I changed to use INFINITY, -INFINITY and !isnormal() rather than nan() and
isnan() (although binfrac is actually NAN at that point so the existing test is
ok).

Justin



Re: comment regarding double timestamps; and, infinite timestamps and NaN

От
Tom Lane
Дата:
Justin Pryzby <pryzby@telsasoft.com> writes:
> On Mon, Dec 30, 2019 at 09:05:24AM -0500, Tom Lane wrote:
>> Uh, what?  This seems completely wrong to me.  We could possibly
>> promote DT_NOBEGIN and DT_NOEND to +/- infinity (not NaN), but
>> I don't really see the point.  They'll compare to other timestamp
>> values correctly without that, cf timestamp_cmp_internal().
>> The example you give seems to me to be working sanely, or at least
>> as sanely as it can given the number of histogram points available,
>> with the existing code.  In any case, shoving NaNs into the
>> computation is not going to make anything better.
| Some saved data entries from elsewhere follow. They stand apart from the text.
(* The candidate is the hyperfinite projection ut = sum_q [int u delta_q] sigma_q.
   Expanding a test function v in the Delta-basis, v = sum_b c_b delta_b, duality
   gives int sigma_q v = c_q, hence int ut v = sum_q c_q int u delta_q = int u v.
   An element of the space orthogonal to every sigma_a has all its Delta-coordinates
   zero, which gives uniqueness; since the roles of the two bases are symmetric, the
   second formula defines another representative of u and must coincide with ut.  Everything is proved for each index lambda and carried to
   the Lambda-limit through the ultrafilter, the internal universal statements by a
   Los-type argument. *)
From Pilot Require Import Defs.
From HB Require Import structures.
From mathcomp Require Import all_boot all_order all_algebra.
From mathcomp Require Import all_classical all_reals all_analysis.
From mathcomp Require Import lra zify.
From mathcomp Require Import measurable_realfun.
Set Implicit Arguments. Unset Strict Implicit. Unset Printing Implicit Defensive.
Import Order.TTheory GRing.Theory Num.Theory.
Import numFieldNormedType.Exports.
Local Open Scope classical_set_scope.
Local Open Scope ring_scope.

Section UfunLinear.
Variable R : realType.
Implicit Types (A : set (R -> R)) (f : R -> R).

Lemma C1_lincomb f1 f2 a b : C1 f1 -> C1 f2 -> C1 (fun x => a * f1 x + b * f2 x).
Proof.
move=> [d1 c1] [d2 c2].
have -> : (fun x => a * f1 x + b * f2 x) = a \*: f1 + b \*: f2 by [].
have hd x : derivable (a \*: f1 + b \*: f2) x 1.
  by apply: derivableD; apply: derivableZ.
split => //.
have -> : derive1 (a \*: f1 + b \*: f2) = fun x => a * derive1 f1 x + b * derive1 f2 x.
  apply/funext => x; rewrite !derive1E deriveD ?deriveZ //; exact: derivableZ.
move=> x; apply: cvgD; apply: cvgM; try exact: cvg_cst; [exact: c1 | exact: c2].
Qed.

Lemma C1_cst0 : C1 (fun _ : R => 0).
Proof.
split; first by move=> x; exact: derivable_cst.
have -> : derive1 (fun _ : R => 0 : R) = cst 0 by apply: funext => y; exact: derive1_cst.
move=> x; exact: cst_continuous.
Qed.

Lemma span0 A : Defs.span A (fun _ => 0).
Proof.
exists 0%N, (fun _ _ => 0), (fun _ => 0); split; first by case.
by apply: funext => x; rewrite big_ord0.
Qed.

Lemma span_lincomb A f1 f2 a b : Defs.span A f1 -> Defs.span A f2 ->
  Defs.span A (fun x => a * f1 x + b * f2 x).
Proof.
move=> [n1 [g1 [c1 [H1 ->]]]] [n2 [g2 [c2 [H2 ->]]]].
exists (n1 + n2)%N,
  (fun i => match fintype.split i with inl i1 => g1 i1 | inr i2 => g2 i2 end),
  (fun i => match fintype.split i with inl i1 => a * c1 i1 | inr i2 => b * c2 i2 end).
split; first by move=> i; case: (fintype.split i).
apply: funext => x; rewrite big_split_ord /= !mulr_sumr.
congr (_ + _); apply: eq_bigr => i _.
- by rewrite (unsplitK (inl i)) mulrA.
- by rewrite (unsplitK (inr i)) mulrA.
Qed.

Lemma Ufun_at_lincomb A g f1 f2 a b : Ufun_at A g f1 -> Ufun_at A g f2 ->
  Ufun_at A g (fun x => a * f1 x + b * f2 x).
Proof.
move=> [v1 [Hv1 [Z1 [I1 [L1 [R1 M1]]]]]] [v2 [Hv2 [Z2 [I2 [L2 [R2 M2]]]]]].
exists (fun j x => a * v1 j x + b * v2 j x); split.
  move=> j hj; have [s1 c1] := Hv1 j hj; have [s2 c2] := Hv2 j hj.
  by split; [exact: span_lincomb | exact: C1_lincomb].
split; first by move=> x hx; rewrite Z1 // Z2 // !mulr0 addr0.
split; first by move=> j x hj hx; rewrite (I1 j) // (I2 j).
split; first by rewrite L1 L2.
split; first by rewrite R1 R2.
move=> j hj; rewrite M1 // M2 //; lra.
Qed.

Lemma Ufun_at0 A g : Ufun_at A g (fun _ => 0).
Proof.
exists (fun _ _ => 0); split; first by move=> j _; split; [exact: span0 | exact: C1_cst0].
split => //; split => //; split => //; split => //.
by move=> j _; rewrite addr0 mul0r.
Qed.

Lemma Ufun_at_sum A g (s : seq R) (c : R -> R) (F : R -> R -> R) :
  (forall q, q \in s -> Ufun_at A g (F q)) ->
  Ufun_at A g (fun x => \sum_(q <- s) c q * F q x).
Proof.
elim: s => [|q s IH] H.
  have -> : (fun x => \sum_(q <- [::]) c q * F q x) = fun _ => 0.
    by apply: funext => x; rewrite big_nil.
  exact: Ufun_at0.
have -> : (fun x => \sum_(q0 <- q :: s) c q0 * F q0 x) =
  (fun x => c q * F q x + 1 * \sum_(q0 <- s) c q0 * F q0 x).
  by apply: funext => x; rewrite big_cons mul1r.
apply: Ufun_at_lincomb; first by apply: H; rewrite mem_head.
by apply: IH => q' hq'; apply: H; rewrite in_cons hq' orbT.
Qed.

End UfunLinear.

Section Lint.
Variable R : realType.
Local Notation mu := (@lebesgue_measure R).
Implicit Types (f k : R -> R).

Lemma lintC f k : lint f k = lint k f.
Proof. by rewrite /lint; congr Rintegral; apply: funext => x; rewrite mulrC. Qed.

Lemma eq_lint f f' k : f =1 f' -> lint f k = lint f' k.
Proof. by move=> e; rewrite /lint; congr Rintegral; apply: funext => x; rewrite e. Qed.

Lemma integrable_EFinZ (c : R) f : mu.-integrable setT (EFin \o f) ->
  mu.-integrable setT (EFin \o (fun x => c * f x)).
Proof. by move=> hf; apply: eq_integrable (integrableZl _ c hf) => // x _ /=. Qed.

Lemma integrable_EFinD f1 f2 : mu.-integrable setT (EFin \o f1) ->
  mu.-integrable setT (EFin \o f2) ->
  mu.-integrable setT (EFin \o (fun x => f1 x + f2 x)).
Proof. by move=> h1 h2; apply: eq_integrable (integrableD _ h1 h2) => // x _ /=. Qed.

Lemma integrable_sum_mul (s : seq R) (c : R -> R) (F : R -> R -> R) k :
  (forall q, q \in s -> mu.-integrable setT (EFin \o (fun x => F q x * k x))) ->
  mu.-integrable setT (EFin \o (fun x => (\sum_(q <- s) c q * F q x) * k x)).
Proof.
elim: s => [|q s IH] H.
  have -> : (fun x => (\sum_(q <- [::]) c q * F q x) * k x) = fun _ => 0.
    by apply: funext => x; rewrite big_nil mul0r.
  exact: integrable0.
have -> : (fun x => (\sum_(q0 <- q :: s) c q0 * F q0 x) * k x) =
    fun x => c q * (F q x * k x) + (\sum_(q0 <- s) c q0 * F q0 x) * k x.
  by apply: funext => x; rewrite big_cons mulrDl mulrA.
apply: integrable_EFinD; first by apply: integrable_EFinZ; apply: H; rewrite mem_head.
by apply: IH => q' hq'; apply: H; rewrite in_cons hq' orbT.
Qed.

Lemma lint_sum (s : seq R) (c : R -> R) (F : R -> R -> R) k :
  (forall q, q \in s -> mu.-integrable setT (EFin \o (fun x => F q x * k x))) ->
  lint (fun x => \sum_(q <- s) c q * F q x) k = \sum_(q <- s) c q * lint (F q) k.
Proof.
elim: s => [|q s IH] H.
  rewrite /lint big_nil (_ : (fun x => _) = cst 0) ?Rintegral_cst ?mul0r //.
  by apply: funext => x; rewrite big_nil mul0r.
have H' q' : q' \in s -> mu.-integrable setT (EFin \o (fun x => F q' x * k x)).
  by move=> hq'; apply: H; rewrite in_cons hq' orbT.
have Hq : mu.-integrable setT (EFin \o (fun x => F q x * k x)) by apply: H; rewrite mem_head.
rewrite [LHS]/lint.
have -> : (fun x => (\sum_(q0 <- q :: s) c q0 * F q0 x) * k x) =
    fun x => c q * (F q x * k x) + (\sum_(q0 <- s) c q0 * F q0 x) * k x.
  by apply: funext => x; rewrite big_cons mulrDl mulrA.
rewrite RintegralD //; [|exact: (integrable_EFinZ (c q) Hq)|exact: integrable_sum_mul].
by rewrite RintegralZl // big_cons; congr (_ + _); exact: IH.
Qed.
> As I see it, the problem is that the existing code tests for isnan(), but
> infinite timestamps are PG_INT64_MIN/MAX (here, stored in a double), so there's
> absurdly large values being used as if they were isnormal().

I still say that (1) you're confusing NaN with Infinity, and (2)
you haven't actually shown that there's a problem to fix.
These endpoint values are *not* NaNs.

> On v12, my test gives:
> |DROP TABLE t; CREATE TABLE t(t) AS SELECT generate_series(now(), now()+'1 day', '5 minutes');
> |INSERT INTO t VALUES('-infinity');
> |ALTER TABLE t ALTER t SET STATISTICS 1; ANALYZE t;
> |explain analyze SELECT * FROM t WHERE t>='2010-12-29';
> | Seq Scan on t  (cost=0.00..5.62 rows=3 width=8) (actual time=0.012..0.042 rows=289 loops=1)
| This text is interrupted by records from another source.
Lemma agreements_add_disagree r p q (D : {set 'I_n}) : (2 * r <= n)%N -> framed r p q ->
  D \subset window r -> {in D, forall i, p i != q i} -> (agreements p q + #|D| <= n - 2 * r)%N.
Proof.
move=> hr fr Dw Dne; rewrite agreementsE -card_window //.
have sub : [set i | p i == q i] \subset window r :\: D.
  apply/subsetP => i; rewrite in_setD in_set => /eqP e; rewrite (agreement_in_window hr fr e) andbT.
  by apply/negP => /Dne; rewrite e eqxx.
have := subset_leq_card sub; rewrite cardsD (setIidPr Dw).
have := subset_leq_card Dw; lia.
Qed.

Lemma agreements_window r p q : (2 * r <= n)%N -> framed r p q -> {in window r, p =1 q} ->
  agreements p q = (n - 2 * r)%N.
Proof.
move=> hr fr agr; rewrite agreementsE -card_window //; apply: eq_card => i.
by rewrite inE; apply/eqP/idP => [/(agreement_in_window hr fr) | /agr].
Qed.

Lemma potential_bound p q : (potential p q <= 2 * n ^ 3)%N.
Proof.
rewrite /potential (@leq_trans (\sum_(i : 'I_n) 2 * n ^ 2)%N) //.
  apply: leq_sum => i _; have := ltn_ord i; have := ltn_ord (p i); have := ltn_ord (rev_ord (q i)).
  by nia.
by rewrite sum_nat_const card_ord; lia.
Qed.

End Counting.

Section BreakOuterAgreements.
Variables (R : realFieldType) (n r : nat) (A B : 'M[R]_n).
Variables (p q : {perm 'I_n}) (lo hi j0 j1 : 'I_n).
Hypotheses (fr : framed r p q) (agr : {in window r, p =1 q}).
Hypotheses (lo_r : lo = r :> nat) (hi_r : hi = (n - r.+1)%N :> nat) (lo_hi : (lo < hi)%N).
Hypotheses (plo : p lo = j0) (phi : p hi = j1).

Let wlo : lo \in window r. Proof. by rewrite mem_window; lia. Qed.
Let whi : hi \in window r. Proof. by rewrite mem_window; lia. Qed.
Let qlo : q lo = j0. Proof. by rewrite -(agr wlo). Qed.
Let qhi : q hi = j1. Proof. by rewrite -(agr whi). Qed.
Let u2 : uniq [:: lo; hi]. Proof. by rewrite /= inE ord_eqE; lia. Qed.
Let w2 : {subset [:: lo; hi] <= window r}.
Proof. by move=> i; rewrite !in_cons in_nil orbF => /orP[] /eqP ->. Qed.

Let boxed_lo_hi p' q' (x y : 'I_n) : (x < y)%N -> agree_off [:: lo; hi] p q p' q' ->
  [/\ p' lo = x, p' hi = y, q' lo = y & q' hi = x] -> boxed r lo hi x y p' q'.
Proof.
move=> xy ag corners; split => //; first by rewrite wlo whi.
move=> i wi; have [|/ag[-> ->]] := boolP (i \in [:: lo; hi]); last by rewrite agr ?eqxx.
case: corners => pl ph ql qh.
by rewrite !in_cons in_nil orbF => /orP[] /eqP -> _; rewrite /in_box ?pl ?ph ?ql ?qh; lia.
Qed.

Lemma break_outer_agreements_q : anti_monge B -> (j0 < j1)%N ->
  let q' := swap_at lo hi q in
  [/\ framed r p q', boxed r lo hi j0 j1 p q', agreements p q = (agreements p q').+2 &
      pair_cost A B p q' <= pair_cost A B p q].
Proof.
move=> hB lt01 q'; have [Q1 Q2 Q3] := swap_atE lo hi q.
have ag : agree_off [:: lo; hi] p q p q' by move=> i /Q3.
split.
- exact: framed_update fr w2 ag.
- by apply: boxed_lo_hi; rewrite ?Q1 ?Q2.
- by have := agreements_update u2 ag; rewrite !big_cons !big_nil Q1 Q2 plo phi qlo qhi !ord_eqE; lia.
have := pair_cost_update u2 ag A B; rewrite !big_cons !big_nil Q1 Q2 plo phi qlo qhi.
by have := hB _ _ _ _ lo_hi lt01; lra.
Qed.

Lemma break_outer_agreements_p : monge A -> (j1 < j0)%N ->
  let p' := swap_at lo hi p in
  [/\ framed r p' q, boxed r lo hi j1 j0 p' q, agreements p q = (agreements p' q).+2 &
      pair_cost A B p' q <= pair_cost A B p q].
Proof.
move=> hA lt10 p'; have [P1 P2 P3] := swap_atE lo hi p.
have ag : agree_off [:: lo; hi] p q p' q by move=> i /P3.
split.
- exact: framed_update fr w2 ag.
- by apply: boxed_lo_hi; rewrite ?P1 ?P2.
- by have := agreements_update u2 ag; rewrite !big_cons !big_nil P1 P2 plo phi qlo qhi !ord_eqE; lia.
have := pair_cost_update u2 ag A B; rewrite !big_cons !big_nil P1 P2 plo phi qlo qhi.
by have := hA _ _ _ _ lo_hi lt10; lra.
Qed.

End BreakOuterAgreements.

Section Layers.
Variables (R : realFieldType) (n : nat) (A B : 'M[R]_n).
Hypotheses (hA : monge A) (hB : anti_monge B).
Implicit Types (k r : nat) (p q : {perm 'I_n}).

Lemma outer_agreements_boxed r p q : (2 * r.+1 <= n)%N -> framed r p q -> {in window r, p =1 q} ->
  exists p' q' (a b x y : 'I_n), [/\ framed r p' q', boxed r a b x y p' q',
    agreements p q = (agreements p' q').+2 & pair_cost A B p' q' <= pair_cost A B p q].
Proof.
move=> hr fr agr; have rn : (r < n)%N by lia.
pose lo := Ordinal rn; pose hi := rev_ord lo.
have lo_r : lo = r :> nat by [].
have hi_r : hi = (n - r.+1)%N :> nat by [].
have lo_hi : (lo < hi)%N by lia.
have j01 : p lo != p hi by rewrite (inj_eq perm_inj) ord_eqE; lia.
case: (ltngtP (p lo) (p hi)) => [lt01|lt10|/val_inj e]; last by rewrite e eqxx in j01.
  have [] := break_outer_agreements_q A fr agr lo_r hi_r lo_hi erefl erefl hB lt01.
  by exists p, (swap_at lo hi q), lo, hi, (p lo), (p hi).
have [] := break_outer_agreements_p B fr agr lo_r hi_r lo_hi erefl erefl hA lt10.
by exists (swap_at lo hi p), q, lo, hi, (p hi), (p lo).
Qed.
This is what it should do.  There's only one histogram bucket, and
it extends down to -infinity, so the conclusion is going to be that
the WHERE clause excludes all but a small part of the bucket.  This
is the correct answer based on the available stats; the problem is
not with the calculation, but with the miserable granularity of the
available stats.

> vs patched master:
> |DROP TABLE t; CREATE TABLE t(t) AS SELECT generate_series(now(), now()+'1 day', '5 minutes');
> |INSERT INTO t VALUES('-infinity');
> |ALTER TABLE t ALTER t SET STATISTICS 1; ANALYZE t;
> |explain analyze SELECT * FROM t WHERE t>='2010-12-29';
> | Seq Scan on t  (cost=0.00..5.62 rows=146 width=8) (actual time=0.048..0.444 rows=289 loops=1)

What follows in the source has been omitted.